Ilia Sotnikov security strategist & VP of user experience, Netwrix gives us insight into how to deal with a ransomware attack.
According to the National Cyber Security Centre (NCSC), cyber attacks are at an all-time high and it has recorded increased ransomware attacks in the UK during 2021. The NCSC has dealt with a 7.5% increase in cases up to August 2021 and they are advising companies not to pay up. The head UK spy agency GCHQ says the number of ransomware attacks on British institutions has doubled in the past year.
With attacks like this rapidly increasing, what should organizations do if they fall prey? Should they pay up and hope for the best, or refuse and risk further attacks? One could only hope to avoid making this choice. Here are some do’s and one don’t to manage the risk of almost inevitable ransomware.
Don’t pay the ransom
The FBI offers three reasons to never pay a ransom. Firstly, there is no guarantee the victim will get the decryption key once the money has been paid. Moreover, even if you receive the key, there is no guarantee you will restore operations overnight.
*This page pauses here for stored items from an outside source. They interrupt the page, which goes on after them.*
(* Let $N=\{1,\ldots,n\}$, let $\mathscr{B}_1,\ldots,\mathscr{B}_p\in\mathfrak{B}^*(n)$, let $\mathscr{F}_k=\{v\in\mathscr{BG}(n):\sum_{S\in\mathscr{B}_k}\lambda^{\mathscr{B}_k}_Sv(S)=v(N)\}$ be the facet of $\mathscr{BG}(n)$ associated with $\mathscr{B}_k$, and consider the face $\mathscr{F}=\mathscr{F}_1\cap\cdots\cap\mathscr{F}_p$. Then every game in $\mathscr{F}$ has a core reduced to a single point if and only if the rank of the family of vectors $\{\mathbf{1}^S: S\in\mathscr{B}_1\cup\cdots\cup\mathscr{B}_p\}$ is $n$.
   Context: A game on $N$ is a map $v:2^N\to\mathbb{R}$ with $v(\varnothing)=0$. $\mathbf{1}^S\in\mathbb{R}^N$ is the characteristic vector of $S$. The core is $C(v)=\{x\in\mathbb{R}^N:\sum_{i\in S}x_i\geqslant v(S)\ \forall S,\ \sum_{i\in N}x_i=v(N)\}$. A collection $\mathscr{B}$ of nonempty subsets of $N$ is balanced if there exist positive weights $(\lambda_S)_{S\in\mathscr{B}}$ with $\sum_{S\in\mathscr{B},S\ni i}\lambda_S=1$ for all $i$; minimal balanced if no proper subcollection is balanced, with unique weights $\lambda^{\mathscr{B}}_S$. $\mathfrak{B}^*(n)$ is the set of minimal balanced collections other than $\{N\}$. $\mathscr{BG}(n)=\{v:\sum_{S\in\mathscr{B}}\lambda^{\mathscr{B}}_Sv(S)\leqslant v(N)\ \forall\mathscr{B}\in\mathfrak{B}^*(n)\}$. *)

(* Players N = 'I_n (i.e. {0,...,n-1} standing for {1,...,n}). *)
From HB Require Import structures.
From mathcomp Require Import all_boot all_order all_algebra.
From Stdlib Require Import ClassicalEpsilon.
Set Implicit Arguments. Unset Strict Implicit. Unset Printing Implicit Defensive.
Import Order.TTheory GRing.Theory Num.Theory.
Local Open Scope ring_scope.

Section Games.
Variables (R : realFieldType) (n : nat).

Definition is_game (v : {set 'I_n} -> R) : Prop := v set0 = 0.

Definition charvec (S : {set 'I_n}) : 'rV[R]_n := \row_(j < n) (j \in S)%:R.

Definition in_core (v : {set 'I_n} -> R) (x : 'rV[R]_n) : Prop :=
  (forall S : {set 'I_n}, v S <= \sum_(i in S) x 0 i) /\
  \sum_(i < n) x 0 i = v setT.

Definition balancing_weights (B : {set {set 'I_n}}) (lam : {set 'I_n} -> R) : Prop :=
  (forall S, S \in B -> 0 < lam S) /\
  (forall i : 'I_n, \sum_(S in B | i \in S) lam S = 1).

Definition balanced (B : {set {set 'I_n}}) : Prop :=
  set0 \notin B /\ exists lam, balancing_weights B lam.

Definition minimal_balanced (B : {set {set 'I_n}}) : Prop :=
  balanced B /\ forall B' : {set {set 'I_n}}, B' \proper B -> ~ balanced B'.

Definition Bstar (B : {set {set 'I_n}}) : Prop :=
  minimal_balanced B /\ B <> [set setT].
Secondly, if companies do pay, there’s nothing to stop hackers from attacking them repeatedly, and each ransom demand could be higher than the last. In the NCSC’s Weekly Threat Report (Dec 3rd), a further trend report from Group IB shows a 935% increase in double-extortion ransomware attacks since 2020.
Thirdly, by paying a ransom companies encourage the ransomware business model and put other organizations at increased risk. That is why the idea of making paying a ransom illegal gains momentum.
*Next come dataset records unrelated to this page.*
(* Cauchy-Schwarz against the all-ones vector: (sum a)^2 <= |T| * sum a^2.
   It follows from expanding the nonnegative double sum of (a i - a j)^2. *)
Lemma sqr_sum_le (T : finType) (a : T -> R) :
  (\sum_i a i) ^+ 2 <= #|T|%:R * \sum_i a i ^+ 2.
Proof.
have sqr_sum : (\sum_i a i) ^+ 2 = \sum_i \sum_j a i * a j.
  by rewrite expr2 mulr_suml; apply: eq_bigr => i _; rewrite mulr_sumr.
have expand : \sum_i \sum_j (a i - a j) ^+ 2 =
    \sum_i \sum_(j : T) a i ^+ 2 + \sum_(i : T) \sum_j a j ^+ 2
    - 2 * \sum_i \sum_j a i * a j.
  rewrite mulr_sumr -big_split /= -sumrB; apply: eq_bigr => i _.
  by rewrite mulr_sumr -big_split /= -sumrB; apply: eq_bigr => j _; ring.
have sum_const : \sum_i \sum_(j : T) a i ^+ 2 = #|T|%:R * \sum_i a i ^+ 2.
  by rewrite mulr_sumr; apply: eq_bigr => i _; rewrite sumr_const mulr_natl.
have : 0 <= \sum_i \sum_j (a i - a j) ^+ 2.
  by apply: sumr_ge0 => i _; apply: sumr_ge0 => j _; apply: sqr_ge0.
rewrite expand sum_const sumr_const -mulr_natl -sqr_sum; lra.
Qed.

End SumSquares.

(* Averaged over all X, distinct coordinates are
   orthogonal, which is what makes random cuts behave like random signs. *)
Section RademacherSigns.
Variables (R : realFieldType) (T : finType).
Local Open Scope ring_scope.

Definition sgn (X : {set T}) (x : T) : R := if x \in X then 1 else -1.

Definition nsubsets : R := #|{set T}|%:R.

Lemma sgn_sqr X x : sgn X x * sgn X x = 1.
Proof. by rewrite /sgn; case: (x \in X); lra. Qed.

Definition toggle (x : T) (X : {set T}) : {set T} := [set y | (y \in X) (+) (y == x)].

Lemma toggleK x : involutive (toggle x).
Proof. by move=> X; apply/setP => y; rewrite !inE addbK. Qed.

Lemma sgn_toggle x X y :
  sgn (toggle x X) y = if y == x then - sgn X y else sgn X y.
Proof.
rewrite /sgn inE; case: (y == x); rewrite ?addbT ?addbF //.
by case: (y \in X); rewrite /= ?opprK.
Qed.

(* Orthogonality: two distinct sign coordinates are uncorrelated, since
   toggling x is a bijection that negates their product. *)
Lemma sum_sgn_mul x y :
  \sum_X sgn X x * sgn X y = if x == y then nsubsets else 0.
Proof.
case: (eqVneq x y) => [<-|x_ne_y].
  by rewrite (eq_bigr (fun=> 1)) => [|X _]; rewrite ?sgn_sqr // sumr_const.
have flip : \sum_X sgn X x * sgn X y = \sum_X - (sgn X x * sgn X y).
  rewrite (reindex_inj (can_inj (toggleK x))); apply: eq_bigr => X _.
  by rewrite !sgn_toggle eqxx eq_sym (negbTE x_ne_y) mulNr.
by rewrite sumrN in flip; lra.
Qed.

Lemma sum_sgn_sqr (c : T -> R) :
  \sum_X (\sum_w sgn X w * c w) ^+ 2 = nsubsets * \sum_w c w ^+ 2.
Proof.
have expand X : (\sum_w sgn X w * c w) ^+ 2 =
    \sum_w \sum_w' (c w * c w') * (sgn X w * sgn X w').
  rewrite expr2 mulr_suml; apply: eq_bigr => w _.
  by rewrite mulr_sumr; apply: eq_bigr => w' _; ring.
rewrite (eq_bigr _ (fun X _ => expand X)) exchange_big mulr_sumr.
apply: eq_bigr => w _; rewrite exchange_big /=.
under eq_bigr => w' _ do rewrite -mulr_sumr sum_sgn_mul.
rewrite (bigD1 w) //= eqxx big1 ?addr0 => [|w' /negbTE w'_ne_w].
  by rewrite mulrC expr2.
by rewrite eq_sym w'_ne_w mulr0.
Qed.

Lemma sum_abs_sgn_sqr_le (c : T -> R) :
  (\sum_X `|\sum_w sgn X w * c w|) ^+ 2 <= nsubsets ^+ 2 * \sum_w c w ^+ 2.
Proof.
apply: le_trans (sqr_sum_le _) _.
under eq_bigr => X _ do rewrite real_normK ?num_real //.
by rewrite sum_sgn_sqr mulrA expr2.
Qed.

End RademacherSigns.

Arguments sgn {R T}.
Arguments nsubsets {R} T.

(* For an acyclic relation e on a finite type, let f(v) be
   the out-degree of v and r(v) the number of vertices reachable from v.  Along
   every arc v -> w, r drops, and it drops by a lot on average:
   f(v)^2 <= 2 * sum_{v -> w} (r v - r w).  Summing over v, the right-hand side
   telescopes to sum_v r(v) (out(v) - in(v)), giving
   (#arcs)^2 <= 2 |T|^2 * sum_v |out(v) - in(v)|. *)
Section AcyclicDigraph.
Variables (T : finType) (e : rel T).
Hypothesis e_acyclic : forall u v, e u v -> ~~ connect e v u.

Definition out_nbrs (v : T) : {set T} := [set w | e v w].
Definition in_nbrs (v : T) : {set T} := [set u | e u v].
Definition reach (v : T) : {set T} := [set w | connect e v w].

Lemma acyclic_irrefl v : ~~ e v v.
Proof. by apply/negP => evv; move: (e_acyclic evv); rewrite connect0. Qed.

Lemma connect_antisym w w' : connect e w w' -> connect e w' w -> w = w'.
Proof.
case/connectP => p; case: p => [|w1 p] /= path_p -> // back.
case/andP: path_p => e_w_w1 path_p.
have : connect e w1 w by apply: connect_trans back; apply/connectP; exists p.
by rewrite (negbTE (e_acyclic e_w_w1)).
Qed.

(* For an out-neighbour w of v, reach v contains v, reach w, and the
   out-neighbours of v not reachable from w, and these are disjoint. *)
Lemma reach_out_nbr v w : w \in out_nbrs v ->
  (#|reach w| + 1 + #|out_nbrs v :\: reach w| <= #|reach v|)%N.
Proof.
rewrite inE => e_v_w; set Nv := out_nbrs v; set Rw := reach w.
have not_w_to_v : ~~ connect e w v := e_acyclic e_v_w.
set A := v |: (Nv :\: Rw).
have card_A : #|A| = (1 + #|Nv :\: Rw|)%N.
  by rewrite cardsU1 !inE (negbTE (acyclic_irrefl v)) andbF.
have disj : A :&: Rw = set0.
  apply/setP => x; rewrite !inE; apply/negP => /andP[/orP[/eqP -> | /andP[x_out _]] x_in].
    by rewrite (negbTE not_w_to_v) in x_in.
  by rewrite x_in in x_out.
have sub : A :|: Rw \subset reach v.
  apply/subsetP => x; rewrite !inE => /orP[/orP[/eqP -> | /andP[_ e_v_x]] | w_to_x].
  - exact: connect0.
  - exact: connect1.
  - exact: connect_trans (connect1 e_v_w) w_to_x.
by have := subset_leq_card sub; rewrite cardsU disj cards0 subn0 card_A addnC addnA.
Qed.

(* Among any two distinct out-neighbours, at least one does not reach the
   other; hence these non-reachable pairs number at least (f^2 - f)/2. *)
Lemma unreached_pairs v :
  (#|out_nbrs v| * #|out_nbrs v| <=
   2 * \sum_(w in out_nbrs v) #|out_nbrs v :\: reach w| + #|out_nbrs v|)%N.
Proof.
set Nv := out_nbrs v.
have pair_bound w w' : (1 <= (w' \notin reach w) + (w \notin reach w') + (w == w'))%N.
  case: (eqVneq w w') => [->|w_ne_w']; first by rewrite addn1.
  rewrite !inE addn0; case c1: (connect e w w'); case c2: (connect e w' w) => //.
  by rewrite (connect_antisym c1 c2) eqxx in w_ne_w'.
have diag : (\sum_(w in Nv) \sum_(w' in Nv) (w == w') = #|Nv|)%N.
  rewrite -sum1_card; apply: eq_bigr => w w_in.
  rewrite (bigD1 w) //= eqxx big1 // => w' /andP[_ /negbTE].
  by rewrite eq_sym => ->.
have unreached w : (\sum_(w' in Nv) (w' \notin reach w) = #|Nv :\: reach w|)%N.
  rewrite -sum1_card big_mkcond [RHS]big_mkcond /=; apply: eq_bigr => x _.
  by rewrite in_setD andbC; case: (x \in Nv).
have : (#|Nv| * #|Nv| <= \sum_(w in Nv) \sum_(w' in Nv)
          ((w' \notin reach w) + (w \notin reach w') + (w == w')))%N.
  rewrite -sum1_card big_distrl /=; apply: leq_sum => w _.
  by rewrite mul1n; apply: leq_sum => w' _; exact: pair_bound.
under eq_bigr => w _ do rewrite !big_split /=.
rewrite !big_split /= diag [X in (_ + X + _)%N]exchange_big /=.
under eq_bigr => w _ do rewrite unreached.
by rewrite addnn mul2n.
Qed.

Lemma out_degree_reach v :
  (#|out_nbrs v| * #|out_nbrs v|.+1 + 2 * \sum_(w in out_nbrs v) #|reach w|
   <= 2 * #|out_nbrs v| * #|reach v|)%N.
Proof.
have sum_step : (\sum_(w in out_nbrs v) (#|reach w| + 1 + #|out_nbrs v :\: reach w|)
                 <= #|out_nbrs v| * #|reach v|)%N.
  rewrite -sum1_card big_distrl /=; apply: leq_sum => w w_in.
  by rewrite mul1n; exact: reach_out_nbr.
rewrite !big_split /= sum1_card in sum_step.
have := unreached_pairs v; nia.
Qed.

Variable R : realFieldType.
Local Open Scope ring_scope.

Lemma out_degree_sqr_le v :
  #|out_nbrs v|%:R ^+ 2 <=
  2 * \sum_(w in out_nbrs v) (#|reach v|%:R - #|reach w|%:R) :> R.
Proof.
have := out_degree_reach v; rewrite -(ler_nat R) !natrD !natrM natr_sum.
rewrite sumrB sumr_const -mulr_natl.
have : 0 <= #|out_nbrs v|%:R :> R by rewrite ler0n.
set f := #|out_nbrs v|%:R; set r := #|reach v|%:R.
set s := \sum_(i in out_nbrs v) #|reach i|%:R; nra.
Qed.

Lemma sum_arcs_potential (phi : T -> R) :
  \sum_v \sum_(w in out_nbrs v) (phi v - phi w) =
  \sum_v phi v * (#|out_nbrs v|%:R - #|in_nbrs v|%:R).
Proof.
have arcs_at v : \sum_(w in out_nbrs v) (phi v - phi w) =
    \sum_w (e v w)%:R * phi v - \sum_w (e v w)%:R * phi w.
  rewrite -sumrB big_mkcond /=; apply: eq_bigr => w _.
  by rewrite inE; case: (e v w); rewrite /= ?mul1r ?mul0r ?subr0.
rewrite (eq_bigr _ (fun v _ => arcs_at v)) sumrB [X in _ - X]exchange_big /=.
rewrite -sumrB; apply: eq_bigr => v _.
by rewrite /out_nbrs /in_nbrs !card_set_natr mulrBr !mulr_sumr; congr (_ - _);
  apply: eq_bigr => w _; rewrite mulrC.
Qed.

Lemma acyclic_arcs_bound :
  (\sum_v #|out_nbrs v|%:R) ^+ 2 <=
  2 * #|T|%:R ^+ 2 * \sum_v `|#|out_nbrs v|%:R - #|in_nbrs v|%:R| :> R.
Proof.
set N : R := #|T|%:R.
have N_ge0 : 0 <= N by rewrite ler0n.
have sum_sqr : \sum_v #|out_nbrs v|%:R ^+ 2 <=
    2 * \sum_v #|reach v|%:R * (#|out_nbrs v|%:R - #|in_nbrs v|%:R) :> R.
  rewrite -sum_arcs_potential mulr_sumr; apply: ler_sum => v _.
  exact: out_degree_sqr_le.
have potential_le : \sum_v #|reach v|%:R * (#|out_nbrs v|%:R - #|in_nbrs v|%:R)
    <= N * \sum_v `|#|out_nbrs v|%:R - #|in_nbrs v|%:R| :> R.
  rewrite mulr_sumr; apply: ler_sum => v _.
  apply: le_trans (ler_norm _) _; rewrite normrM ger0_norm ?ler0n //.
  by apply: ler_wpM2r; rewrite ?normr_ge0 // ler_nat max_card.
apply: le_trans (sqr_sum_le _) _; rewrite -/N.
have := ler_wpM2l N_ge0 sum_sqr; have := ler_wpM2l N_ge0 potential_le; nra.
Qed.

End AcyclicDigraph.

Lemma cycle_step_nth (T : eqType) (e : rel T) (x : T) (p : seq T) (x0 : T) :
  path e x (rcons p x) -> forall i, (i < (size p).+1)%N ->
  e (nth x0 (x :: p) i) (nth x0 (x :: p) ((i + 1) %% (size p).+1)).
Proof.
move=> /(pathP x0) steps i i_lt; have := steps i; rewrite size_rcons => /(_ i_lt).
rewrite -rcons_cons nth_rcons /= i_lt nth_rcons.
case: (ltnP i (size p)) => i_size; first by rewrite modn_small ?addn1.
have -> : i = size p by apply/eqP; rewrite eqn_leq i_size -ltnS i_lt.
by rewrite eqxx addn1 modnn.
Qed.

(* A set X of vertices orients each
   edge crossing the cut (X, ~X): red crossing edges leave X, blue crossing
   edges enter X.  A directed cycle of this digraph alternates between the two
   sides, hence between the two colours, so it is an alternating cycle. *)
Section CutDigraph.
Variables (n : nat) (red blue : rel 'I_n).
Hypothesis graph : two_coloured_graph red blue.

Lemma red_sym : symmetric red.
Proof. by case: graph. Qed.
Lemma blue_sym : symmetric blue.
Proof. by case: graph. Qed.
Lemma red_irrefl : irreflexive red.
Proof. by case: graph. Qed.
Lemma blue_irrefl : irreflexive blue.
Proof. by case: graph. Qed.

Lemma edge_irrefl v : edgeF red blue v v = false.
Proof. by rewrite /edgeF red_irrefl blue_irrefl. Qed.
Lemma edge_sym : symmetric (edgeF red blue).
Proof. by move=> u v; rewrite /edgeF red_sym blue_sym. Qed.

Lemma sum_adjacency :
  (\sum_v \sum_w (edgeF red blue v w : nat) = 2 * num_edges red blue)%N.
Proof.
have split_pair v w : (edgeF red blue v w : nat) =
    (((v < w)%N && edgeF red blue v w) + ((w < v)%N && edgeF red blue v w))%N.
  case: (ltngtP v w) => [||/val_inj ->] //=; first by rewrite addn0.
  by rewrite edge_irrefl.
under eq_bigr => v _ do rewrite (eq_bigr _ (fun w _ => split_pair v w)) big_split /=.
rewrite big_split /= [X in (_ + X)%N]exchange_big /=.
under [X in (_ + X)%N]eq_bigr => v _ do under eq_bigr => w _ do rewrite edge_sym.
rewrite addnn -mul2n /num_edges -sum1_card pair_big /=; congr (2 * _)%N.
by rewrite [RHS]big_mkcond; apply: eq_bigr => p _; rewrite inE; case: ifP.
Qed.

Definition crossing (X : {set 'I_n}) (u v : 'I_n) : bool := (u \in X) != (v \in X).

Definition cut_arc (X : {set 'I_n}) : rel 'I_n :=
  fun u v => crossing X u v && (if u \in X then red u v else blue u v).

Lemma cut_arc_irrefl X v : cut_arc X v v = false.
Proof. by rewrite /cut_arc /crossing eqxx. Qed.

Lemma cut_arc_asym X u v : cut_arc X u v -> cut_arc X v u -> False.
Proof.
rewrite /cut_arc /crossing red_sym blue_sym.
case: graph => _ _ _ _ /(_ v u).
by case: (u \in X); case: (v \in X); case: (red v u); case: (blue v u).
Qed.

Lemma cut_arc_edge X u v : cut_arc X u v -> edgeF red blue u v.
Proof. by rewrite /cut_arc /edgeF; case: (u \in X) => /andP[_ ->]; rewrite ?orbT. Qed.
How to handle the risk of ransomware attacks
There are two sides to this coin: you want to reduce the chance of a successful attack, and you have to minimize possible damage if it happens. The key concepts thus are layered security and defense in-depth approach. We will talk about some of its components below.
But to make any security program work, the employees should be aware of at least the security essentials. Therefore investing in education and training is vital and cybersecurity awareness among personnel should be one of the top priorities of an organization.
However, even the most comprehensive training cannot guarantee that employees will always follow the best security practices. Just a single careless click on a link in a phishing email can unleash ransomware across an entire IT environment. Every organization should assume it will suffer a ransomware infection and be prepared to react. An effective plan requires fast detection, response, and data recovery.
To reduce the risk of losing access to sensitive data, such as the personally identifiable information of employees and citizens, organizations must know exactly what types of data they store. They must secure the data according to its value. Automated data classification helps deliver better awareness of the existing data, who has access to it, and how sensitive it is. This means the organization can put measures in place, protecting key assets. Simply put, you can’t protect all the data, so concentrate on what is really important.
Since ransomware often relies on the access rights of the user account it has compromised, continuously enforcing least-privilege principles will minimize the amount of data that can be encrypted in an attack.
Organizations must monitor user behavior across all critical systems and data, on-premises and in the cloud. Timely discovered unusual activity might point to an attack. Changes to the list of restricted file extensions or an increased frequency in file modifications are the reason to get worried. Data exfiltration or encryption doesn’t happen immediately; both take time, particularly in distributed heterogeneous environments with large amounts of data.
Timely detection and counter-action at the early stage of cyberattacks are essential to keep the damage to a minimum.
Incident Response Plan
Organizations need to document the steps for responding to signs of an attack, including who is responsible for what and at what level. Since the staff, the IT environment, and the threat landscape are always changing, the plan needs to be tested regularly and updated as required.
Align backup and recovery
Organizations need to optimize their backups to ensure that the most crucial data and services can be restored quickly. After this, with the detailed information on which files were modified or deleted during a ransomware attack, IT teams should only restore what suffered. This reduces the scope of efforts needed, accelerates the recovery process, and minimizes service disruptions.
- Azure Active Directory Recycle Bin Won’t Save You in a Cyber Disaster
- Ransomware, the biggest threat to businesses in 2022
- Protect your data with a multi-tiered approach
- Cyberattack wave hits SPAR Stores; who is responsible?
No organization wants to choose between paying a ransom or suffering serious damage after refusing to pay. Instead, companies can prevent as many ransomware infections as possible through user education and preparing for the worst-case scenario. Confident in their ability to quickly restore access to systems and data, organizations won’t ever need to consider paying a ransom again.